(* Consider smoothed LocalMaxCut on a graph $G=(V,E)$ with $n=|V|$, $m=|E|$ and maximum degree $\Delta(G)$, where the edge weights $w_e$ are drawn independently from distributions with densities $f_e:[-1,1]\to[0,\phi]$. Then the expected maximum number of iterations of local search under the Flip neighbourhood (over all initial cuts and all improving sequences) is $O(2^{\Delta(G)}nm^2\phi)$.
   Context: LocalMaxCut: given a weighted undirected graph $G=(V,E)$ with weights $w_e$, a cut is a partition $(V_1,V_2)$ of $V$ with weight $\sum_{uv\in E,\,u\in V_1,\,v\in V_2}w_{uv}$; the Flip neighbours of a cut are the cuts obtained by moving a single vertex to the other block; a solution is a cut with no neighbour of strictly larger weight. Local search repeatedly moves to a strictly better neighbour. *)

From HB Require Import structures.
From mathcomp Require Import all_boot all_order all_algebra.
From mathcomp Require Import all_classical all_reals all_analysis.
Set Implicit Arguments. Unset Strict Implicit. Unset Printing Implicit Defensive.
Import Order.TTheory GRing.Theory Num.Theory.
Local Open Scope ring_scope.

Definition simple_graph (n : nat) (adj : rel 'I_n) : Prop :=
  symmetric adj /\ irreflexive adj.

(* Edge set: each edge {u,v} represented once as the pair (u,v) with u < v. *)
Definition edges (n : nat) (adj : rel 'I_n) : {set 'I_n * 'I_n} :=
  [set e | adj e.1 e.2 && (e.1 < e.2)%N].

Definition max_degree (n : nat) (adj : rel 'I_n) : nat :=
  \max_(v : 'I_n) #|[set u | adj v u]|.

Definition cut_weight (R : numDomainType) (n : nat) (adj : rel 'I_n)
  (w : 'I_n * 'I_n -> R) (S : {set 'I_n}) : R :=
  \sum_(e in edges adj | (e.1 \in S) != (e.2 \in S)) w e.

Definition flip (n : nat) (S : {set 'I_n}) (v : 'I_n) : {set 'I_n} :=
  if v \in S then S :\ v else v |: S.

Definition improving_step (R : numDomainType) (n : nat) (adj : rel 'I_n)
  (w : 'I_n * 'I_n -> R) : rel {set 'I_n} :=
  fun S S' => [exists v, S' == flip S v] && (cut_weight adj w S < cut_weight adj w S').

(* Any improving sequence of k steps visits k+1
   distinct cuts (weights strictly increase), so k < 2^n and the bounded max
   below is the true maximum. *)
Definition max_flip_iterations (R : numDomainType) (n : nat) (adj : rel 'I_n)
  (w : 'I_n * 'I_n -> R) : nat :=
  \max_(k < (2 ^ n).+1 | [exists S0 : {set 'I_n},
         [exists s : k.-tuple {set 'I_n}, path (improving_step adj w) S0 s]]) k.

Local Open Scope classical_set_scope.
Local Open Scope ereal_scope.

(* Mutual independence of the random variables X i, i in J (J finite):
   product rule for every choice of measurable sets (taking A i = setT
   recovers every subfamily). *)
Definition mutually_independent d (Omega : measurableType d) (R : realType)
  (P : probability Omega R) (I : finType) (J : {set I}) (X : I -> Omega -> R) : Prop :=
  forall A : I -> set R, (forall i, measurable (A i)) ->
    P (\big[setI/setT]_(i in J) (X i @^-1` A i)) = \prod_(i in J) P (X i @^-1` A i).

Definition has_density_on_pm1 d (Omega : measurableType d) (R : realType)
  (P : probability Omega R) (X : Omega -> R) (f : R -> R) : Prop :=
  forall A : set R, measurable A ->
    P (X @^-1` A) =
    \int[lebesgue_measure]_(x in A `&` [set x : R | (-1 <= x <= 1)%R]) (f x)%:E.

(* Flipping v changes the cut weight by its flip gain
   sum_{e ∋ v} ±w_e, the signs being fixed by which incident edges are cut.
   If all weights lie in [-1,1] (so cut weights lie in [-m,m]) and no flip
   gain lies in (0,eps], every improving step gains more than eps, hence at
   most 2m/eps steps are possible.

   Fix v, a pivot edge e0 ∋ v and a sign pattern.  Round
   the weights of the other edges at v to a grid of mesh 2/N on [-1,1]; then
   "0 < gain <= eps" forces w_{e0} into an interval of length eps + O(m/N)
   fixed by the rounded values.  The event is thus covered by product events,
   and independence plus the density bound phi give probability at most
   phi (eps + 4m/N).  A union bound over the at most 2^Delta * 2m pairs
   (vertex, sign pattern) bounds the "bad event" B(eps,N).

   Expectation.  With T the number of iterations, T <= sum_j 2^j [2^j <= T],
   and 2^j <= T forces B((4m+1)/2^j, 2^j); integrating over the n+1 dyadic
   levels j <= n gives the theorem. *)

From HB Require Import structures.
From mathcomp Require Import all_boot all_order all_algebra.
From mathcomp Require Import all_classical all_reals all_analysis.
From mathcomp Require Import lra ring measurable_realfun.
Import Order.TTheory GRing.Theory Num.Theory.
Local Open Scope ring_scope.
Set Implicit Arguments. Unset Strict Implicit. Unset Printing Implicit Defensive.

Section Graph.
Variables (n : nat) (adj : rel 'I_n).

Definition incident (v : 'I_n) : {set 'I_n * 'I_n} :=
  [set e in edges adj | (e.1 == v) || (e.2 == v)].

Definition cut_edges (S : {set 'I_n}) : {set 'I_n * 'I_n} :=
  [set e in edges adj | (e.1 \in S) != (e.2 \in S)].

(* The number of pairs (v, D) with v non-isolated and D a set of edges at v:
   the events "flip gain of v with cut edges D is small" we must control. *)
Definition vertex_patterns : nat :=
  \sum_(v : 'I_n)
    (if [pick e in incident v] is Some _ then 2 ^ #|incident v| else 0).
Lemma mul_sw2l y x F : mul (sw x F) y = sw x (fun a b => mul (F a b) y).
Proof. exact: bilinl_sw2 (alg_bilin hA). Qed.
Lemma mul_sw2r y x F : mul y (sw x F) = sw x (fun a b => mul y (F a b)).
Proof. exact: bilinr_sw2 (alg_bilin hA). Qed.
Lemma rh_sw2l y x F : rh (sw x F) y = sw x (fun a b => rh (F a b) y).
Proof. exact: bilinl_sw2 (yd_rh_bilin hyd). Qed.
Lemma rh_sw2r y x F : rh y (sw x F) = sw x (fun a b => rh y (F a b)).
Proof. exact: bilinr_sw2 (yd_rh_bilin hyd). Qed.
Lemma be_sw2r y x F : be y (sw x F) = sw x (fun a b => be y (F a b)).
Proof. exact: bilinr_sw2 (yd_be_bilin hyd). Qed.

Lemma rh1r x : rh x one = eps x *: one.
Proof.
rewrite -(yd_P3_l hyd x one).
under eq_sw2 => a b do rewrite -[be b one](alg_mul1 hA) (yd_P1 hyd).
rewrite coassoc; last by split; linearity.
under eq_sw2 => a b do rewrite -mul_sw2r ?(yd_P3_l hyd) ?mulZr ?(alg_mul1r hA).
by rewrite (counitr (fun a => rh a one)) //; linearity.
Qed.

Lemma rh1l z : rh one z = z.
Proof.
have rh11 : rh one one = one by rewrite rh1r (yd_eps_one hyd) scale1r.
have be1_rh1 w : be one (rh one w) = w.
  have := yd_P3_r hyd one w; rewrite (yd_Delta_one hyd); last by linearity.
  by rewrite (yd_eps_one hyd) scale1r.
have rh1_idem : rh one (rh one z) = rh one z.
  by rewrite (yd_P2 hyd) (yd_Delta_one hyd) ?rh11 ?(alg_mul1 hA) //; linearity.
by have := congr1 (be one) rh1_idem; rewrite !be1_rh1.
Qed.

Lemma bullet1l y : bu one y = y.
Proof. by rewrite /bullet (yd_Delta_one hyd) ?(alg_mul1 hA) ?rh1l //; linearity. Qed.

Lemma bullet1r x : bu x one = x.
Proof.
rewrite /bullet; under eq_sw2 => a b do rewrite rh1r mulZr (alg_mul1r hA).
by rewrite (counitr id) //; linearity.
Qed.

Lemma rh_bullet x y z : rh (bu x y) z = rh x (rh y z).
Proof. by rewrite (yd_P2 hyd). Qed.

Lemma sw2_beta_rh (V : lmodType K) (f : H -> H -> V) z y : bilin f ->
  sw z (fun p q => sw y (fun c d => f (be p (rh q c)) d)) = eps z *: sw y f.
Proof.
move=> hf; rewrite exchange_sw2 -scaler_sw2; apply: eq_sw2 => c d.
by rewrite -bilinl_sw2 // (yd_P3_r hyd) (linear1Z _ _ (hf.1 d)).
Qed.

Lemma Delta_bullet x y (V : lmodType K) (f : H -> H -> V) : bilin f ->
  sw (bu x y) f = sw x (fun x1 x2 => sw y (fun y1 y2 => f (bu x1 y1) (bu x2 y2))).
Proof.
move=> hf; rewrite /bullet (@linear1_sw2 _ _ _ _ _ (fun t => sw t f)); last by linearity.
transitivity (sw x (fun a b => sw4 Delta a (fun a1 a2 a3 a4 => sw b (fun b1 b2 =>
   sw y (fun y1 y2 => f (mul a1 (rh a2 (be a4 (rh b1 y1)))) (mul a3 (rh b2 y2))))))).
  apply: eq_sw2 => a b; rewrite (yd_P5 hyd _ _ hf).
  apply: eq_sw2 => a1 q; apply: eq_sw2 => a2 r; apply: eq_sw2 => a3 a4.
  by rewrite (yd_rh_Delta hyd); last by linearity.
rewrite sw6_regroup; try by linearity.
transitivity (sw4 Delta x (fun a1 a2 a3 a4 =>
   sw y (fun y1 y2 => f (mul a1 (rh a2 y1)) (mul a3 (rh a4 y2))))).
  rewrite /sw4 /sw3; apply: eq_sw2 => a1 q; apply: eq_sw2 => a2 r; apply: eq_sw2 => a3 s.
  transitivity (sw s (fun z b2 =>
      eps z *: sw y (fun y1 y2 => f (mul a1 (rh a2 y1)) (mul a3 (rh b2 y2))))).
    apply: eq_sw2 => z b2.
    by rewrite (@sw2_beta_rh _ (fun E d => f (mul a1 (rh a2 E)) (mul a3 (rh b2 d)))) //;
      linearity.
  by rewrite (counitl (fun b2 => sw y (fun y1 y2 =>
        f (mul a1 (rh a2 y1)) (mul a3 (rh b2 y2))))) //; linearity.
rewrite -sw4_bracket22; last by split; linearity.
apply: eq_sw2 => x1 x2.
under eq_sw2 => u v do rewrite exchange_sw2.
rewrite exchange_sw2; apply: eq_sw2 => y1 y2.
by rewrite bilinl_sw2 //; apply: eq_sw2 => u v; rewrite bilinr_sw2.
Qed.

Lemma bulletA x y z : bu x (bu y z) = bu (bu x y) z.
Proof.
rewrite [RHS](Delta_bullet _ _ (f := fun a b => mul a (rh b z))); last by linearity.
transitivity (sw x (fun a b => sw y (fun c d =>
    sw b (fun e g => mul a (mul (rh e c) (rh g (rh d z))))))).
  rewrite {1}/bullet; apply: eq_sw2 => a b.
  rewrite /bullet rh_sw2r mul_sw2r; apply: eq_sw2 => c d.
  by rewrite (yd_P1 hyd) mul_sw2r.
transitivity (sw x (fun a b => sw y (fun c d =>
    sw a (fun u v => mul (mul u (rh v c)) (rh b (rh d z)))))); last first.
  apply: eq_sw2 => a b; apply: eq_sw2 => c d.
  by rewrite rh_bullet /bullet mul_sw2l.
rewrite exchange_sw2 [RHS]exchange_sw2; apply: eq_sw2 => c d.
rewrite [RHS]coassoc; last by split; linearity.
apply: eq_sw2 => a b; apply: eq_sw2 => e g.
by rewrite (alg_assoc hA).
Qed.

Lemma eps_bullet x y : eps (bu x y) = eps x * eps y.
Proof.
rewrite /bullet /sw2 (eps_sum hc).
under eq_bigr => p _ do rewrite (yd_eps_mul hyd) (yd_rh_eps hyd) mulrA.
rewrite -mulr_suml; congr (_ * _).
rewrite -{2}(coalg_counit_l hc x) /sw2 (eps_sum hc).
by apply: eq_bigr => p _; rewrite (epsZ hc).
Qed.

Lemma bullet_antipodel x : sw x (fun a b => bu a (Sb b)) = eps x *: one.
Proof.
transitivity (sw4 Delta x (fun a1 a2 b1 b2 => mul a1 (rh a2 (be b1 (S b2))))).
  rewrite -sw4_bracket22; last by split; linearity.
  apply: eq_sw2 => a b; rewrite /bullet /Srh; apply: eq_sw2 => a1 a2.
  by rewrite rh_sw2r mul_sw2r.
rewrite sw4_bracket1_21; last by split; linearity.
rewrite -(yd_S_l hyd x); apply: eq_sw2 => a1 r.
transitivity (sw r (fun z d => eps z *: mul a1 (S d))).
  by apply: eq_sw2 => z d; rewrite -mul_sw2r (yd_P3_l hyd) mulZr.
by rewrite (counitl (fun d => mul a1 (S d))) //; linearity.
Qed.

Lemma rh_rh_Srh x z : sw x (fun a b => rh a (rh (Sb b) z)) = eps x *: z.
Proof.
under eq_sw2 => a b do rewrite -rh_bullet.
by rewrite -rh_sw2l bullet_antipodel rhZl rh1l.
Qed.

Lemma rh_Srh x z : rh (Sb x) z = be x z.
Proof.
rewrite -(counitl (fun b => rh (Sb b) z)); last by linearity.
under eq_sw2 => a b do rewrite -(yd_P3_r hyd).
rewrite coassoc; last by split; linearity.
under eq_sw2 => a b do rewrite -be_sw2r rh_rh_Srh beZr.
by rewrite (counitr (fun a => be a z)) //; linearity.
Qed.

Lemma be1r x : be x one = eps x *: one.
Proof.
rewrite -(yd_P3_r hyd x one).
under eq_sw2 => a b do rewrite rh1r beZr.
by rewrite (counitr (fun a => be a one)) //; linearity.
Qed.

Lemma be_mulr x y z : be x (mul y z) = sw x (fun a b => mul (be b y) (be a z)).
Proof.
set w := fun t => sw t (fun a b => mul (be b y) (be a z)).
have w_lin : linear1 w by rewrite /w; linearity.
(* [x_1 -> w(x_2)] = [eps x (y z)]: [w] is a right convolution inverse of [->]
   on [y z], so it agrees with the left inverse [beta]. *)
have rh_w b : sw b (fun c d => rh c (w d)) = eps b *: mul y z.
  transitivity (sw4 Delta b (fun c1 c2 p q => mul (rh c1 (be q y)) (rh c2 (be p z)))).
    rewrite -sw4_bracket22; last by split; linearity.
    apply: eq_sw2 => c d; rewrite /w rh_sw2r exchange_sw2; apply: eq_sw2 => p q.
    by rewrite (yd_P1 hyd).
  rewrite sw4_bracket1_21; last by split; linearity.
  rewrite -mulZl -(yd_P3_l hyd) mul_sw2l; apply: eq_sw2 => c1 r.
  transitivity (sw r (fun s q => eps s *: mul (rh c1 (be q y)) z)).
    by apply: eq_sw2 => s q; rewrite -mul_sw2r (yd_P3_l hyd) mulZr.
  by rewrite (counitl (fun q => mul (rh c1 (be q y)) z)) //; linearity.
rewrite -/(w x) -(counitl w) //.
under eq_sw2 => a b do rewrite -(yd_P3_r hyd).
rewrite coassoc; last by rewrite /w; split; linearity.
under eq_sw2 => a b do rewrite -be_sw2r rh_w beZr.
by rewrite (counitr (fun a => be a (mul y z))) //; linearity.
Qed.

Lemma bullet_antipoder x : sw x (fun a b => bu (Sb a) b) = eps x *: one.
Proof.
transitivity (sw x (fun a b => sw a (fun a1 a2 => mul (Sb a2) (be a1 b)))).
  apply: eq_sw2 => a b; rewrite /bullet (yd_P6_Srh hyd); last by linearity.
  by apply: eq_sw2 => a1 a2; rewrite rh_Srh.
transitivity (sw4 Delta x (fun a1 c d b => mul (be c (S d)) (be a1 b))).
  rewrite -sw4_bracket121; last by split; linearity.
  apply: eq_sw2 => a b; apply: eq_sw2 => a1 a2.
  by rewrite /Srh mul_sw2l.
rewrite -sw4_bracket22; last by split; linearity.
rewrite -be1r -(counitr (fun z => be z one)); last by linearity.
apply: eq_sw2 => z r; rewrite exchange_sw2.
under eq_sw2 => d b do rewrite -be_mulr.
by rewrite -be_sw2r (yd_S_r hyd) beZr.
Qed.

Lemma bullet_Hopf : is_Hopf bu one Delta eps Sb.
Proof.
split; first split.
- split; [by split; linearity | exact: bulletA | exact: bullet1l | exact: bullet1r].
- exact: hc.
- by move=> x y V f hf; exact: Delta_bullet.
- exact: (yd_Delta_one hyd).
- exact: eps_bullet.
- exact: (yd_eps_one hyd).
- by linearity.
- exact: bullet_antipodel.
- exact: bullet_antipoder.
Qed.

..........

Find and copy each line above that includes the string "else".

  if v \in S then S :\ v else v |: S.
    (if [pick e in incident v] is Some _ then 2 ^ #|incident v| else 0).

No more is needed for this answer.